Let’s cut the legalese. The above means the UK can opt out in areas of judicial co-operation and serious crime especially where data protection rules impacts in these areas. This is another legacy of New Labour, over-anxious that Europe would not be able to interfere with Surveillance Britain.

It is interesting to note that no one has challenged the Coalition Government as to whether it agrees with this opt-out – I suspect it does agree.

In addition, those who support a Regulation want a Regulation to be a harmonising measure so that all Europe’s data protection laws provide the equivalent standard of data protection. They also support a Regulation as Member States will be obliged to translate its provisions into national data protection laws.

However, if Member States can go their own way – as the UK can in these sensitive areas – then the rationale for supporting a Regulation is lost. To put it bluntly, I can see many Member States saying: “Well if the UK can do it, so can we,” (or “Yes we can,” for American readers).

Accountability and pragmatism

The ICO, like all European Commissioners, supports the idea of a prominent Accountability Principle. For instance, the DIC indicated that the ICO favours details about data protection compliance appearing in Annual Reports and in published Privacy Impact Assessments. However the D. I. C. did not support a statutory appointment of a data protection officer as that might not be appropriate for all Small to Medium Enterprises. What the ICO wants senior management of all endeavours to formally identify someone as being responsible for data protection compliance. So expect this to form part of the UK’s implementation of any new Accountability Principle.

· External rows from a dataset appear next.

(* Let $\mathbf{k}$ be a field and let $\mathfrak{B}=\mathbf{k}\langle g,x\rangle$ be the free algebra on $g,x$, made into a bialgebra by $\Delta(g)=g\otimes g$, $\Delta(x)=x\otimes 1+g\otimes x$, $\varepsilon(g)=1$, $\varepsilon(x)=0$. For integers $k,l\ge 0$ let $C_{k,l}$ be the sum of all monomials in $g,x$ containing exactly $k$ letters $g$ and $l$ letters $x$ (so $C_{0,0}=1$), and set $C_{k,l}=0$ if $k<0$ or $l<0$. Then: (1) $C_{k,l}=g\,C_{k-1,l}+x\,C_{k,l-1}=C_{k-1,l}\,g+C_{k,l-1}\,x$; (2) $\Delta(x^n)=\sum_{k\ge0}C_{k,n-k}\otimes x^k$ for all $n\ge0$; (3) $\Delta(C_{p,q})=\sum_{k\ge0}C_{p+k,q-k}\otimes C_{p,k}$. *)

From mathcomp Require Import all_boot all_order all_algebra.
Set Implicit Arguments. Unset Strict Implicit. Unset Printing Implicit Defensive.
Import GRing.Theory.
Local Open Scope ring_scope.

(* Words in the letters g (encoded [true]) and x (encoded [false]). *)
Definition word := seq bool.

Section FreeAlg.
Variable K : fieldType.

Definition B := word -> K.
Definition BB := word -> word -> K.

Definition zeroB : B := fun _ => 0.
Definition addB (f h : B) : B := fun w => f w + h w.
Definition mon (w : word) : B := fun u => (u == w)%:R.
Definition oneB : B := mon [::].
Definition gB : B := mon [:: true].
Definition xB : B := mon [:: false].
Definition mulB (f h : B) : B :=
  fun w => \sum_(i < (size w).+1) f (take i w) * h (drop i w).
Fixpoint powB (f : B) (n : nat) : B :=
  if n is m.+1 then mulB f (powB f m) else oneB.

Definition addT (F H : BB) : BB := fun u v => F u v + H u v.
Definition oneT : BB := fun u v => ((u == [::]) && (v == [::]))%:R.
Definition mulT (F H : BB) : BB :=
  fun u v => \sum_(i < (size u).+1) \sum_(j < (size v).+1)
               F (take i u) (take j v) * H (drop i u) (drop j v).
Definition tens (f h : B) : BB := fun u v => f u * h v.

Definition deltaLetter (b : bool) : BB :=
  if b then tens gB gB else addT (tens xB oneB) (tens gB xB).
Definition deltaWord (w : word) : BB :=
  foldr (fun b acc => mulT (deltaLetter b) acc) oneT w.
(* linear extension: the coefficient of u⊗v in Delta(w) vanishes unless
   size w = size u, so only words of length size u contribute. *)
Definition Delta (f : B) : BB :=
  fun u v => \sum_(w : (size u).-tuple bool) f w * deltaWord w u v.

Definition C (k l : int) : B :=
  match k, l with
  | Posz a, Posz b =>
      fun u => \sum_(t : (a + b).-tuple bool | count id t == a) mon t u
  | _, _ => zeroB
  end.

End FreeAlg.

(* Coefficientwise, C_{p,q} is the indicator of the words with p letters g
   and q letters x, and Δ(f) can be read off letter by letter: the first
   letter of u, together with the first letter of v when u starts with g,
   tells which of x ⊗ 1, g ⊗ g, g ⊗ x produced the first letters of u ⊗ v,
   hence the first letter c of the monomial of f responsible for it, so that
   the coefficient of (a u) ⊗ v in Δ(f) is that of u ⊗ v' in Δ(c⁻¹f).  Left
   quotients of C_{p,q} by a letter are again of the form C_{p',q'}, which
   gives (3) by induction on u; (2) is the case p = 0 since x^n = C_{0,n};
   (1) splits off the first or last letter of a word. *)

From mathcomp Require Import all_boot all_order all_algebra.
From Stdlib Require Import FunctionalExtensionality.
Set Implicit Arguments.
Unset Strict Implicit.
Unset Printing Implicit Defensive.
Import GRing.Theory.
Local Open Scope ring_scope.

Arguments C : simpl never.

Lemma big_tuple0 (R : nmodType) (T : finType) (F : seq T -> R) :
  \sum_(t : 0.-tuple T) F t = F [::].
Proof. by rewrite (big_pred1 [tuple]) // => t; apply/esym/eqP; apply: tuple0. Qed.

Lemma big_tuple_cons (R : nmodType) (T : finType) n (F : seq T -> R) :
  \sum_(t : n.+1.-tuple T) F t = \sum_(x : T) \sum_(t : n.-tuple T) F (x :: t).
Proof.
rewrite pair_big /= (reindex (fun p : T * n.-tuple T => [tuple of p.1 :: p.2])) //.
exists (fun t : n.+1.-tuple T => (thead t, [tuple of behead t])) => [[x t] _ | t _].
  by rewrite theadE; congr pair; apply: val_inj.
by rewrite -tuple_eta.
Qed.

Section Coefficients.
Variable K : fieldType.
Implicit Types (f F : B K) (H : BB K) (u v w : word).

Lemma mul_monB u0 F w :
  mulB (mon K u0) F w = (take (size u0) w == u0)%:R * F (drop (size u0) w).
Proof.
have size_take_ord (i : 'I_(size w).+1) : size (take i w) = i.
  by rewrite size_takel // -ltnS.
rewrite /mulB /mon; have [le_u0w | lt_wu0] := leqP (size u0) (size w).
  rewrite (bigD1 (Ordinal (le_u0w : (size u0 < (size w).+1)%N))) //= big1 ?addr0 // => i ne_i.
  suff /negbTE-> : take i w != u0 by rewrite mul0r.
  by apply: contraNneq ne_i => take_i; apply/eqP/val_inj; rewrite /= -take_i size_take_ord.
rewrite take_oversize ?(ltnW lt_wu0) // big1 => [|i _].
  by rewrite (_ : w == u0 = false) ?mul0r //; apply: contraTF lt_wu0 => /eqP->; rewrite ltnn.
rewrite (_ : take i w == u0 = false) ?mul0r //; apply: contraTF lt_wu0 => /eqP<-.
by rewrite size_take_ord -leqNgt -ltnS.
Qed.

Lemma mulB_mon F u0 w :
  mulB F (mon K u0) w =
    (drop (size w - size u0) w == u0)%:R * F (take (size w - size u0) w).
Proof.
rewrite /mulB /mon; have [le_u0w | lt_wu0] := leqP (size u0) (size w).
  have lt_j : (size w - size u0 < (size w).+1)%N by rewrite ltnS leq_subr.
  rewrite (bigD1 (Ordinal lt_j)) //= mulrC big1 ?addr0 // => i ne_i.
  suff /negbTE-> : drop i w != u0 by rewrite mulr0.
  apply: contraNneq ne_i => drop_i; apply/eqP/val_inj => /=.
  by rewrite -drop_i size_drop subKn // -ltnS.
rewrite (eqP (ltnW lt_wu0)) drop0 take0 big1 => [|i _].
  by rewrite (_ : w == u0 = false) ?mul0r //; apply: contraTF lt_wu0 => /eqP->; rewrite ltnn.
rewrite (_ : drop i w == u0 = false) ?mulr0 //; apply: contraTF lt_wu0 => /eqP<-.
by rewrite size_drop -leqNgt leq_subr.
Qed.

Lemma mulT_tens f F H u v :
  mulT (tens f F) H u v = mulB f (fun s => mulB F (H s) v) u.
Proof.
apply: eq_bigr => i _; rewrite mulr_sumr.
by apply: eq_bigr => j _; rewrite mulrA.
Qed.

Lemma mulT_addl H1 H2 H u v :
  mulT (addT H1 H2) H u v = mulT H1 H u v + mulT H2 H u v.
Proof.
rewrite /mulT -big_split; apply: eq_bigr => i _; rewrite -big_split.
by apply: eq_bigr => j _; rewrite /addT mulrDl.
Qed.

(* The term of Δ(b) producing the first letter [a] of the left word is x ⊗ 1
   if a = x, which forces b = x and leaves v intact; if a = g it is g ⊗ c,
   with c the first letter of v, which forces b = c.  [delta_step a v]
   returns that b and the rest of v. *)
Definition delta_step (a : bool) v : option (bool * word) :=
  if a then (if v is c :: v' then Some (c, v') else None) else Some (false, v).

Lemma deltaWord_cons b w a u v :
  deltaWord K (b :: w) (a :: u) v =
    if delta_step a v is Some (c, v') then (b == c)%:R * deltaWord K w u v' else 0.
Proof.
rewrite /= -/(deltaWord K w) /deltaLetter.
case: b a v => [] [] [|[] v];
  rewrite ?mulT_addl !mulT_tens !mul_monB /= ?take0 ?drop0 ?eqxx /=;
  by rewrite !(mul0r, mul1r, mulr0, addr0, add0r).
Qed.

Lemma eq_Delta f F u v : f =1 F -> Delta f u v = Delta F u v.
Proof. by move=> eq_fF; apply: eq_bigr => w _; rewrite eq_fF. Qed.

Lemma Delta_eq0 f u v : f =1 zeroB K -> Delta f u v = 0.
Proof. by move=> f0; apply: big1 => w _; rewrite f0 mul0r. Qed.

Lemma Delta_nil f v : Delta f [::] v = f [::] * (v == [::])%:R.
Proof. by rewrite /Delta /= (big_tuple0 (fun w => f w * deltaWord K w [::] v)). Qed.

Lemma Delta_cons f a u v :
  Delta f (a :: u) v =
    if delta_step a v is Some (c, v') then Delta (fun w => f (c :: w)) u v' else 0.
Proof.
rewrite /Delta /= (big_tuple_cons _ (fun w => f w * deltaWord K w (a :: u) v)).
under eq_bigr do under eq_bigr do rewrite deltaWord_cons.
case: (delta_step a v) => [[c v']|]; last first.
  by rewrite big1 // => b _; rewrite big1 // => w _; rewrite mulr0.
rewrite (bigD1 c) //= [X in _ + X]big1 ?addr0 => [|b /negbTE ne_bc].
  by apply: eq_bigr => w _; rewrite eqxx mul1r.
by rewrite big1 // => w _; rewrite ne_bc mul0r mulr0.
Qed.

Lemma C_indicator (p q : nat) w :
  C K p q w = ((count id w == p) && (count negb w == q))%:R.
Proof.
have count_gx s : (count id s + count negb s)%N = size s := count_predC id s.
rewrite /C /mon; have [/andP[/eqP gw /eqP xw] | counts_w] := boolP (_ && _).
  have size_w : size w == (p + q)%N by rewrite -count_gx gw xw.
  rewrite (bigD1 (Tuple size_w)) /= ?gw //= eqxx big1 ?addr0 // => t /andP[_ ne_t].
  by rewrite (_ : w == t = false) //; apply: contraNF ne_t => /eqP w_t; apply/eqP/val_inj.
apply: big1 => t /eqP gt; rewrite (_ : w == t = false) //.
apply: contraNF counts_w => /eqP->; have := count_gx t; rewrite size_tuple gt => /addnI->.
by rewrite !eqxx.
Qed.

Lemma C_nil (p q : nat) : C K p q [::] = ((p == 0%N) && (q == 0%N))%:R.
Proof. by rewrite C_indicator /= ![0%N == _]eq_sym. Qed.

Lemma C_00 w : C K 0%N 0%N w = (w == [::])%:R.
Proof. by rewrite C_indicator; case: w => [|[] w] //=; rewrite add1n ?andbF. Qed.

Lemma C_cons_g0 (q : nat) w : C K 0%N q (true :: w) = 0.
Proof. by rewrite C_indicator. Qed.

Lemma C_cons_gS (p q : nat) w : C K p.+1 q (true :: w) = C K p q w.
Proof. by rewrite !C_indicator /= add1n eqSS. Qed.

Lemma C_cons_x0 (p : nat) w : C K p 0%N (false :: w) = 0.
Proof. by rewrite C_indicator /= andbF. Qed.

Lemma C_cons_xS (p q : nat) w : C K p q.+1 (false :: w) = C K p q w.
Proof. by rewrite !C_indicator /= add1n eqSS. Qed.

Lemma Delta_C (p q : nat) u v :
  Delta (C K p q) u v = \sum_(k < q.+1) C K (p + k)%N (q - k)%N u * C K p k v.
Proof.
elim: u p q v => [|a u IHu] p q v.
  rewrite Delta_nil big_ord_recl big1 => [|k _]; last by rewrite C_nil lift0 addnS mul0r.
  rewrite addn0 subn0 !C_nil addr0.
  by case: p q => [|p] [|q]; rewrite ?C_00 //= !mul0r.
rewrite Delta_cons; case: a; first case: v => [|[] v]; rewrite /=.
- apply/esym/big1 => k _.
  by case: p k => [|p] [[|k] ?]; rewrite C_nil ?add0n ?C_cons_g0 //= ?mul0r ?mulr0.
- case: p => [|p].
    rewrite Delta_eq0 => [|w]; last exact: C_cons_g0.
    by apply/esym/big1 => k _; rewrite C_cons_g0 mulr0.
  rewrite (eq_Delta _ _ (C_cons_gS p q)) IHu.
  by apply: eq_bigr => k _; rewrite addSn !C_cons_gS.
- rewrite big_ord_recl C_cons_x0 mulr0 add0r; case: q => [|q].
    by rewrite big_ord0 Delta_eq0 // => w; exact: C_cons_x0.
  rewrite (eq_Delta _ _ (C_cons_xS p q)) IHu.
  by apply: eq_bigr => k _; rewrite lift0 addnS subSS C_cons_gS C_cons_xS.
- rewrite big_ord_recr /= subnn C_cons_x0 mul0r addr0; case: q => [|q].
    by rewrite big_ord0 Delta_eq0 // => w; exact: C_cons_x0.
  rewrite (eq_Delta _ _ (C_cons_xS p q)) IHu.
  by apply: eq_bigr => k _; rewrite subSn ?C_cons_xS // -ltnS.
Qed.

Lemma C_cons (k l : nat) a w :
  C K k l (a :: w) = if a then C K (k%:Z - 1) l w else C K k (l%:Z - 1) w.
Proof.
case: a; [case: k => [|k] | case: l => [|l]].
- by rewrite C_cons_g0.
- by rewrite C_cons_gS -predn_int.
- by rewrite C_cons_x0.
- by rewrite C_cons_xS -predn_int.
Qed.

Lemma C_rcons (p q : nat) w a : C K p q (rcons w a) = C K p q (a :: w).
Proof.
have /permP count_rcons : perm_eq (rcons w a) (a :: w) by rewrite perm_rcons.
by rewrite !C_indicator !count_rcons.
Qed.

Lemma C_recl (k l : nat) : (0 < k + l)%N ->
  C K k l =1 addB (mulB (gB K) (C K (k%:Z - 1) l)) (mulB (xB K) (C K k (l%:Z - 1))).
Proof.
move=> kl_gt0 [|a w]; rewrite /addB !mul_monB /=.
  by rewrite C_nil -addn_eq0 eqn0Ngt kl_gt0 !mul0r addr0.
by rewrite C_cons take0 drop0; case: a; rewrite /= !(mul1r, mul0r, addr0, add0r).
Qed.

Lemma C_recr (k l : nat) : (0 < k + l)%N ->
  C K k l =1 addB (mulB (C K (k%:Z - 1) l) (gB K)) (mulB (C K k (l%:Z - 1)) (xB K)).
Proof.
move=> kl_gt0; case/lastP => [|w a]; rewrite /addB !mulB_mon /=.
  by rewrite C_nil -addn_eq0 eqn0Ngt kl_gt0 !mul0r addr0.
rewrite size_rcons subn1 /= -cats1 drop_size_cat // take_size_cat // cats1 C_rcons C_cons.
by case: a; rewrite /= !(mul1r, mul0r, addr0, add0r).
Qed.

Lemma powB_xB (n : nat) : powB (xB K) n =1 C K 0%N n.
Proof.
elim: n => [|n IHn] w; first by rewrite C_00.
rewrite /= mul_monB; case: w => [|[] w] /=.
- by rewrite C_nil mul0r.
- by rewrite C_cons_g0 mul0r.
- by rewrite take0 drop0 eqxx IHn C_cons_xS mul1r.
Qed.

End Coefficients.

Theorem lemma2p10 (K : fieldType) :
  (forall k l : nat, (0 < k + l)%N ->
     C K k l = addB (mulB (gB K) (C K (k%:Z - 1) l)) (mulB (xB K) (C K k (l%:Z - 1)))
     /\ C K k l = addB (mulB (C K (k%:Z - 1) l) (gB K)) (mulB (C K k (l%:Z - 1)) (xB K)))
  /\ (forall n : nat,
     Delta (powB (xB K) n)
       = (fun u v => \sum_(k < n.+1) tens (C K k (n%:Z - k%:Z)) (powB (xB K) k) u v))
  /\ (forall p q : nat,
     Delta (C K p q)
       = (fun u v => \sum_(k < q.+1) tens (C K (p + k)%N (q%:Z - k%:Z)) (C K p k) u v)).
Proof.
split; [|split].
- move=> k l kl_gt0.
  by split; apply: functional_extensionality; [apply: C_recl | apply: C_recr].
- move=> n; apply: functional_extensionality => u; apply: functional_extensionality => v.
  rewrite (eq_Delta _ _ (powB_xB K n)) Delta_C; apply: eq_bigr => k _.
  by rewrite /tens subzn ?add0n ?powB_xB // -ltnS.
- move=> p q; apply: functional_extensionality => u; apply: functional_extensionality => v.
  by rewrite Delta_C; apply: eq_bigr => k _; rewrite /tens subzn // -ltnS.
Qed.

Similarly, the Commissioner is lukewarm with respect to a statutory data breach notification requirement because he considers the requirement to notify data subjects of a breach depends on the circumstances of the breach. He is content with the current UK situation where personal data loss is first notified to the Commissioner.

All this leads to the concept of “pragmatism in data protection”. At the meeting, the DIC stressed that ICO’s policy is to adopt a pragmatic approach to resolving data protection problems because such a pragmatic approach offered more influence with the data controller community. In other words, data protection principles were not fundamental principles to be held inviolate on every processing occasion.

Although the DIC accepted that this pragmatic view was seen by others (presumably other European Privacy Commissioners) as “a sign of weakness”, the approach found acceptance with the Government’s spokeswoman. Dogmatism in data protection was something for those Europeans to have in their law (but not ours!).

The lasting impression is that these statements comprise a public admission that the future development of data protection policy in Europe is split at the highest level. If this is true, any Regulation or Directive is impossible to draft as there appears to be a rift between privacy fundamentalism on the one hand and data protection pragmatism on the other. The only outcome can be an agreement to disagree – especially in the areas of law enforcement.

One can therefore predict that harmonisation of European data protection law may well be a pipe-dream.